In a $\mathbb Z$-graded integral domain $B = \bigoplus_{i \in \mathbb Z} B_i$ my definition for the degree function is as follows:
Given $f \in B,$ define $\deg : B \rightarrow \mathbb Z \cup \{-\infty \}$ by $$\deg(f) = \mathrm{maxSupp}{(f)} \text{ if } f \neq 0 \text{ and } \deg(0) = -\infty $$
my definition for the $\mathrm{Supp}$ of $f$ is as follows $\{i \in \mathbb Z| f_i \neq 0\}.$
I am trying to prove that $\deg(f) = - \infty$ iff $f=0.$ The backward direction is clear by the definition of the $\deg$ function given to me. The forward direction, I am trying to prove it by contra positive i.e. Assume that $f \neq 0$ and I want to prove that $\deg(f) \neq - \infty$, does that follows from the definition of the support I have because my $i \in \mathbb Z$ or from what? Does the $\mathrm{maxSupp}{(f)}$ always $\geq 0$ if $f \neq 0$? if so, why?

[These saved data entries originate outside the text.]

Lemma hensel_inj_mod k : 0 < k ->
  (forall x y, f x = f y %[mod p] -> x = y %[mod p]) ->
  (forall x, ~~ (p %| Df x)) ->
  forall x y, f x = f y %[mod p ^ k] -> x = y %[mod p ^ k].
Proof.
have p_gt0 := prime_gt0 p_prime.
move=> + inj_p Df_p; elim: k => // -[_ _ | k IH _] x y fxy.
  by rewrite !expn1 in fxy *; exact: inj_p.
have pK_gt0 : 0 < p ^ k.+1 by rewrite expn_gt0 p_gt0.
have xy : x = y %[mod p ^ k.+1] by apply: IH => //; apply: mod_dvdW fxy; rewrite dvdn_exp2l.
(* With x = z + p^(k+1) s and y = z + p^(k+1) t, expanding f at z reduces the claim
   to s f'(z) = t f'(z) mod p. *)
set z := x %% p ^ k.+1.
have xE : x = z + p ^ k.+1 * (x %/ p ^ k.+1) by rewrite /z addnC mulnC -divn_eq.
have yE : y = z + p ^ k.+1 * (y %/ p ^ k.+1) by rewrite /z xy addnC mulnC -divn_eq.
have taylor_z t : f (z + p ^ k.+1 * t) = f z + p ^ k.+1 * (t * Df z) %[mod p ^ k.+2].
  rewrite mulnA; apply: mod_dvdW (f_taylor z _).
  by rewrite expnMn -expnM dvdn_mulr // dvdn_exp2l //; lia.
move: fxy; rewrite xE yE !taylor_z => /eqP.
rewrite eqn_modDl (expnSr p k.+1) -!muln_modr //.
rewrite eqn_pmul2l // => /eqP /(eqmod_mul2r_prime p_prime (Df_p z)) st.
by rewrite -modnDmr -[RHS]modnDmr -!muln_modr st.
Qed.

Lemma is_perm_poly_mod_prime_pow d : 1 < d ->
  is_perm_poly_mod (p ^ d) f <-> is_perm_poly_mod p f /\ forall x, ~~ (p %| Df x).
Proof.
move=> d_gt1; have p_gt0 := prime_gt0 p_prime.
have pd_gt0 : 0 < p ^ d by rewrite expn_gt0 p_gt0.
have p_pd : p %| p ^ d by rewrite dvdn_exp //; lia.
split=> [perm_pd | [perm_p Df_p]]; last first.
  apply/(is_perm_poly_mod_inj pd_gt0 (taylor_modn _)).
  apply: hensel_inj_mod => //; first lia.
  exact/(is_perm_poly_mod_inj p_gt0 (taylor_modn _)).
split.
  apply/(is_perm_poly_mod_surj p_gt0 (taylor_modn _)) => y.
  have [x fxy] := (is_perm_poly_mod_surj pd_gt0 (taylor_modn _)).1 perm_pd y.
  by exists x; apply: mod_dvdW fxy.
have inj_pd := (is_perm_poly_mod_inj pd_gt0 (taylor_modn _)).1 perm_pd.
move=> x; apply/negP => /dvdnP [c Dfx].
(* Otherwise x and x + p^(d-1) collide mod p^d. *)
set h := p ^ d.-1.
have h_gt0 : 0 < h by rewrite expn_gt0 p_gt0.
have h_lt : h < p ^ d by rewrite ltn_exp2l ?prime_gt1 //; lia.
have : x + h = x %[mod p ^ d].
  apply: inj_pd.
  rewrite (mod_dvdW _ (f_taylor x h)); last by rewrite -expnM dvdn_exp2l //; lia.
  by rewrite Dfx mulnCA /h -expnSr prednK 1?ltnW // addnC modnMDl.
rewrite -{2}[x]addn0 => /eqP; rewrite eqn_modDl mod0n modn_small //.
by move/eqP => h0; move: h_gt0; rewrite h0.
Qed.
(* If after step s at least (delta+1)k AT-steps have occurred, the
   invariant gives kappa >= (delta+1)(n+1), so Phi = 1 as long as n > M. *)
Lemma Phi_final (delta M : R) (k s n : nat) (kp : R) :
  1 <= delta -> 0 <= M -> kap_invariant delta k s n kp -> (delta + 1) * INR k <= INR (s / 2) ->
  M < INR n -> Phi M k s n kp = 1.
Proof.
  intros Hd HM [_ Hacc] Hend Hn; unfold Phi.
  destruct (Rle_dec (INR n) M) as [H | _]; [lra|].
  apply Rmin_left; unfold Psi.
  assert (1 <= expo M n kp)
    by (rewrite <- exp_0; apply exp_le_mono; unfold lam, offset; nra).
  pose proof (pos_INR (horizon k - s)); pose proof (exp_pos (lam * (1 - offset M))).
  unfold eps; nra.
Qed.

Lemma uniform_step_average (delta : R) (s : nat) (st : list node) (kp : R) (sg : nat)
    (F : list node -> R) (h : bool -> R) :
  uniform st kp sg -> 1 <= kp ->
  (forall X, In X (patterns (length st)) ->
     h (Nat.eqb (n_tx st X) 1) <= F (next_state delta s st X)) ->
  let q := tx_prob s (mkNode true kp sg) in
  let P := INR (n_active st) * q * (1 - q) ^ pred (n_active st) in
  0 <= P <= 1 /\
  P * h true + (1 - P) * h false <=
  sumR (map (fun X => pat_weight s st X * F (next_state delta s st X)) (patterns (length st))).
Proof.
  intros Hu Hk HF q P.
  assert (Hq : common_tx s st q) by (apply uniform_common_tx; exact Hu).
  assert (Hqb : 0 <= q <= 1) by (apply tx_prob_bounds; exact Hk).
  assert (Hw : forall nd, In nd st -> active nd = true -> 0 <= tx_prob s nd <= 1)
    by (intros nd Hin Ha; rewrite (Hq nd Hin Ha); exact Hqb).
  assert (HP : P = expect_ntx s st (fun c => if Nat.eqb c 1 then 1 else 0))
    by (symmetry; apply expect_ntx_single, Hq).
  rewrite HP; split; [split|].
  - apply Rle_trans with (expect_ntx s st (fun _ => 0)); [rewrite expect_ntx_const; lra|].
    apply expect_ntx_mono; [exact Hw | intros c; destruct (Nat.eqb c 1); lra].
  - apply Rle_trans with (expect_ntx s st (fun _ => 1)); [|rewrite expect_ntx_const; lra].
    apply expect_ntx_mono; [exact Hw | intros c; destruct (Nat.eqb c 1); lra].
  - rewrite <- expect_ntx_delivery; apply sumR_map_le; intros X HX.
    apply Rmult_le_compat_l; [apply pat_weight_nonneg; exact Hw | exact (HF X HX)].
Qed.

Lemma prob_le_lower (delta M : R) (k : nat) :
  2.7166 <= delta <= 3 -> 1200 <= M ->
  forall T s st kp sg, uniform st kp sg -> kap_invariant delta k s (n_active st) kp ->
  (delta + 1) * INR k <= INR ((s + T) / 2) ->
  1 - Phi M k s (n_active st) kp <= prob_le delta M T s st.
Proof.
  intros Hd HM; induction T as [|T IH]; intros s st kp sg Hu Hinv Hend.
  - rewrite Nat.add_0_r in Hend; simpl prob_le.
    destruct (Rle_dec (INR (n_active st)) M) as [Hn | Hn].
    + pose proof (Phi_le_1 M k s (n_active st) kp); unfold Phi.
      destruct (Rle_dec _ _); lra.
    + rewrite (Phi_final delta M k s (n_active st) kp) by (auto; lra); lra.
  - set (n := n_active st) in *.
    set (h := fun d : bool =>
                1 - Phi M k (S s) (if d then pred n else n) (next_kap delta s d kp)).
    assert (Hsucc : forall X, In X (patterns (length st)) ->
              h (Nat.eqb (n_tx st X) 1) <= prob_le delta M T (S s) (next_state delta s st X)).
    { intros X HX.
      destruct (next_state_uniform delta s st X kp sg (patterns_length _ _ HX) Hu)
        as [Hu' Hcount]; fold n in Hcount.
      assert (Hn' : n_active (next_state delta s st X)
                    = if Nat.eqb (n_tx st X) 1 then pred n else n)
        by (destruct (Nat.eqb (n_tx st X) 1); lia).
      unfold h; rewrite <- Hn'; apply IH with (sg := next_sig (Nat.eqb (n_tx st X) 1) sg).
      - exact Hu'.
      - apply (kap_invariant_next delta k s n); [lra | exact Hinv | exact Hcount].
      - replace (S s + T)%nat with (s + S T)%nat by lia; exact Hend. }
    destruct (uniform_step_average delta s st kp sg _ h Hu ltac:(destruct Hinv; lra) Hsucc)
      as [HP Havg]; fold n in HP, Havg.
    pose proof (Phi_supermartingale delta M k s n kp _ Hd HM Hinv HP) as Hstep.
    specialize (Hstep ltac:(intros Hodd; unfold tx_prob; simpl; rewrite Hodd; reflexivity)).
    unfold h in Havg; cbn [prob_le]; lra.
Qed.

Lemma n_active_init (delta : R) (k : nat) : n_active (init_state delta k) = k.
Proof. unfold n_active, init_state; induction k as [|k IH]; simpl; auto. Qed.

Lemma init_uniform (delta : R) (k : nat) : uniform (init_state delta k) (delta + 1) 0.
Proof.
  intros nd Hin _; unfold init_state in Hin; apply repeat_spec in Hin; subst nd.
  split; reflexivity.
Qed.

Lemma init_invariant (delta : R) (k : nat) :
  kap_invariant delta k 1 k (delta + 1).
Proof. unfold kap_invariant; simpl (1 / 2)%nat; simpl INR; lra. Qed.

(* Since M is of order ln(1+k), the initial potential is O(k / (1+k)^3). *)
Lemma Phi_initial (delta M : R) (k : nat) :
  0 <= delta <= 3 -> 10000 <= INR k -> 11000 * ln (1 + INR k) <= M ->
  Phi M k 1 k (delta + 1) <= 1 / (1 + INR k).
Proof.
  intros Hd Hk HM.
  apply Rle_trans with (Psi M k 1 k (delta + 1)); [apply Phi_le_Psi|]; unfold Psi.
  pose proof (expo_le_eps M k (delta + 1) ltac:(lra)).
  replace (INR (horizon k - 1)) with (8 * INR k + 1)
    by (unfold horizon; replace (8 * k + 2 - 1)%nat with (S (8 * k)) by lia;
        rewrite S_INR, mult_INR; simpl; ring).
  set (y := exp (lam * offset M)).
  assert (Heps : eps M * y = exp lam)
    by (unfold eps, y; rewrite <- exp_plus; f_equal; ring).
  assert (Hy : (1 + INR k) ^ 3 <= y).
  { unfold y; rewrite <- (exp_ln ((1 + INR k) ^ 3)) by (apply pow_lt; lra).
    apply exp_le_mono; rewrite ln_pow by lra; unfold lam, offset; simpl INR.
    pose proof (ln_1_plus_nonneg (INR k) (pos_INR k)); lra. }
  assert (Heps0 : 0 < eps M) by apply exp_pos.
  assert (Hlam : exp lam <= 1.002)
    by (pose proof exp_lam_upper; pose proof (exp_pos lam); unfold lam in *; nra).
  assert (Hbound : eps M * (8 * INR k + 2) * (1 + INR k) ^ 3 <= 1.002 * (8 * INR k + 2)).
  { apply Rle_trans with (eps M * (8 * INR k + 2) * y).
    - apply Rmult_le_compat_l; [apply Rmult_le_pos; lra | exact Hy].
    - replace (eps M * (8 * INR k + 2) * y) with (exp lam * (8 * INR k + 2))
        by (rewrite <- Heps; ring).
      apply Rmult_le_compat_r; lra. }
  apply Rmult_le_reg_r with ((1 + INR k) ^ 3); [apply pow_lt; lra|].
  replace (1 / (1 + INR k) * (1 + INR k) ^ 3) with ((1 + INR k) ^ 2) by (field; lra).
  apply Rle_trans with (eps M * (8 * INR k + 2) * (1 + INR k) ^ 3); [|simpl in *; nra].
  apply Rmult_le_compat_r; [apply pow_le; lra | lra].
Qed.

Lemma delta_range (delta : R) :
  exp 1 < delta -> delta <= sum_f_R0 (fun j => (5 / 6) ^ S j) 4 ->
  2.7166 <= delta <= 3 /\ 1 < ln delta.
Proof.
  intros He Hs; simpl in Hs.
  assert (Hinv : exp 1 * exp (-1) = 1) by exact (exp_mul_opp 1).
  pose proof exp_neg1_bounds; pose proof (exp_pos 1).
  repeat split; try nra.
  rewrite <- (ln_exp 1); apply ln_increasing; [apply exp_pos | exact He].
Qed.

Lemma threshold_lower (k : nat) (delta : R) :
  2.7166 <= delta <= 3 -> 1 < ln delta ->
  let tau := 300 * delta * ln (1 + INR k) in
  let gamma := (delta - 1) * (3 - delta) / (delta - 2) in
  let Ssum := 2 * sum_f_R0 (fun j => (5 / 6) ^ j) 4 * tau in
  11000 * ln (1 + INR k) <=
  ((delta + 1) * ln delta - 1) / (ln delta - 1) * Ssum
  + ((gamma + 2 * tau + 1) * ln delta - 1) / (ln delta - 1).
Proof.
  intros Hd HL tau gamma Ssum; pose proof (pos_INR k).
  pose proof (ln_1_plus_nonneg (INR k) (pos_INR k)) as Hlk.
  assert (Htau : 0 <= tau) by (unfold tau; apply Rmult_le_pos; [lra | exact Hlk]).
  assert (HS : 11000 * ln (1 + INR k) <= 2 * Ssum)
    by (unfold Ssum, tau; simpl sum_f_R0; simpl pow; nra).
  assert (Hc1 : 2 <= ((delta + 1) * ln delta - 1) / (ln delta - 1)).
  { apply Rmult_le_reg_r with (ln delta - 1); [lra|].
    unfold Rdiv; rewrite Rmult_assoc, Rinv_l by lra; nra. }
  assert (Hg : 0 <= gamma).
  { unfold gamma, Rdiv; apply Rmult_le_pos; [nra | left; apply Rinv_0_lt_compat; lra]. }
  assert (Hc2 : 0 <= ((gamma + 2 * tau + 1) * ln delta - 1) / (ln delta - 1)).
  { unfold Rdiv; apply Rmult_le_pos; [nra | left; apply Rinv_0_lt_compat; lra]. }
  assert (2 * Ssum <= ((delta + 1) * ln delta - 1) / (ln delta - 1) * Ssum)
    by (apply Rmult_le_compat_r; lra).
  lra.
Qed.

Lemma threshold_consequences (k : nat) (M : R) :
  11000 * ln (1 + INR k) <= M -> M < INR k -> 10000 <= INR k /\ 1200 <= M.
Proof.
  intros HM Hk; pose proof (pos_INR k).
  assert (Hl : INR k / (1 + INR k) <= ln (1 + INR k)).
  { replace (INR k / (1 + INR k)) with (1 - / (1 + INR k)) by (field; lra).
    apply ln_lower; lra. }
  assert (Hr : INR k / (1 + INR k) * (1 + INR k) = INR k) by (field; lra).
  assert (0 <= INR k / (1 + INR k))
    by (unfold Rdiv; apply Rmult_le_pos; [lra | left; apply Rinv_0_lt_compat; lra]).
  assert (Hk0 : 10000 <= INR k) by nra.
  split; [exact Hk0|].
  assert (/ 2 <= INR k / (1 + INR k)).
  { apply Rmult_le_reg_r with (1 + INR k); [lra|]; rewrite Hr; lra. }
  lra.
Qed.

Theorem mainTheorem7 (k : nat) (delta : R) :
  exp 1 < delta ->
  delta <= sum_f_R0 (fun j => (5/6) ^ (S j)) 4 ->
  let tau := 300 * delta * ln (1 + INR k) in
  let gamma := (delta - 1) * (3 - delta) / (delta - 2) in
  let Ssum := 2 * sum_f_R0 (fun j => (5/6) ^ j) 4 * tau in
  let M := ((delta + 1) * ln delta - 1) / (ln delta - 1) * Ssum
           + ((gamma + 2 * tau + 1) * ln delta - 1) / (ln delta - 1) in
  M < INR k ->
  forall t : nat, (delta + 1) * INR k <= INR (n_AT t) ->
  prob_after delta M k t >= 1 - 1 / (1 + INR k).
Proof.
  intros He Hs tau gamma Ssum M HMk t Ht.
  destruct (delta_range delta He Hs) as [Hd HL].
  assert (HM : 11000 * ln (1 + INR k) <= M) by exact (threshold_lower k delta Hd HL).
  destruct (threshold_consequences k M HM HMk) as [Hk HM1200].
  pose proof (prob_le_lower delta M k Hd HM1200 t 1 (init_state delta k) (delta + 1) 0
                (init_uniform delta k)) as Hmain.
  rewrite n_active_init in Hmain.
  unfold n_AT in Ht; rewrite Nat.add_comm in Ht.
  specialize (Hmain (init_invariant delta k) Ht).
  pose proof (Phi_initial delta M k ltac:(lra) Hk HM).
  unfold prob_after; lra.
Qed.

Any help will be appreciated!
Since $B = \bigoplus_{i \in \mathbb Z}B_i$, an element $f \in B$ can be written uniquely as a sum
$$ f = \sum_{i \in \mathbb Z}f_i, \quad f_i\in B_i $$
with finitely many $f_i$ non zero. In paritcular, the support of $f$ is always a finite set. If $f \neq 0$, then not all $f_i$ are zero, hence $\mathbf{supp} f \neq \emptyset$ and thus $\max \mathbf{supp} f \in \mathbb Z$.
Note that this does not mean that $\deg$ is always non-negative. For example, consider the ring $B = \mathbb{Z}[t,t^{-1}]$ of Laurent polynomials with the grading defined as $B_n = \mathbb{Z}t^n$ for each integer $n$. In this ring, we have $\deg t^{-1} = -1$.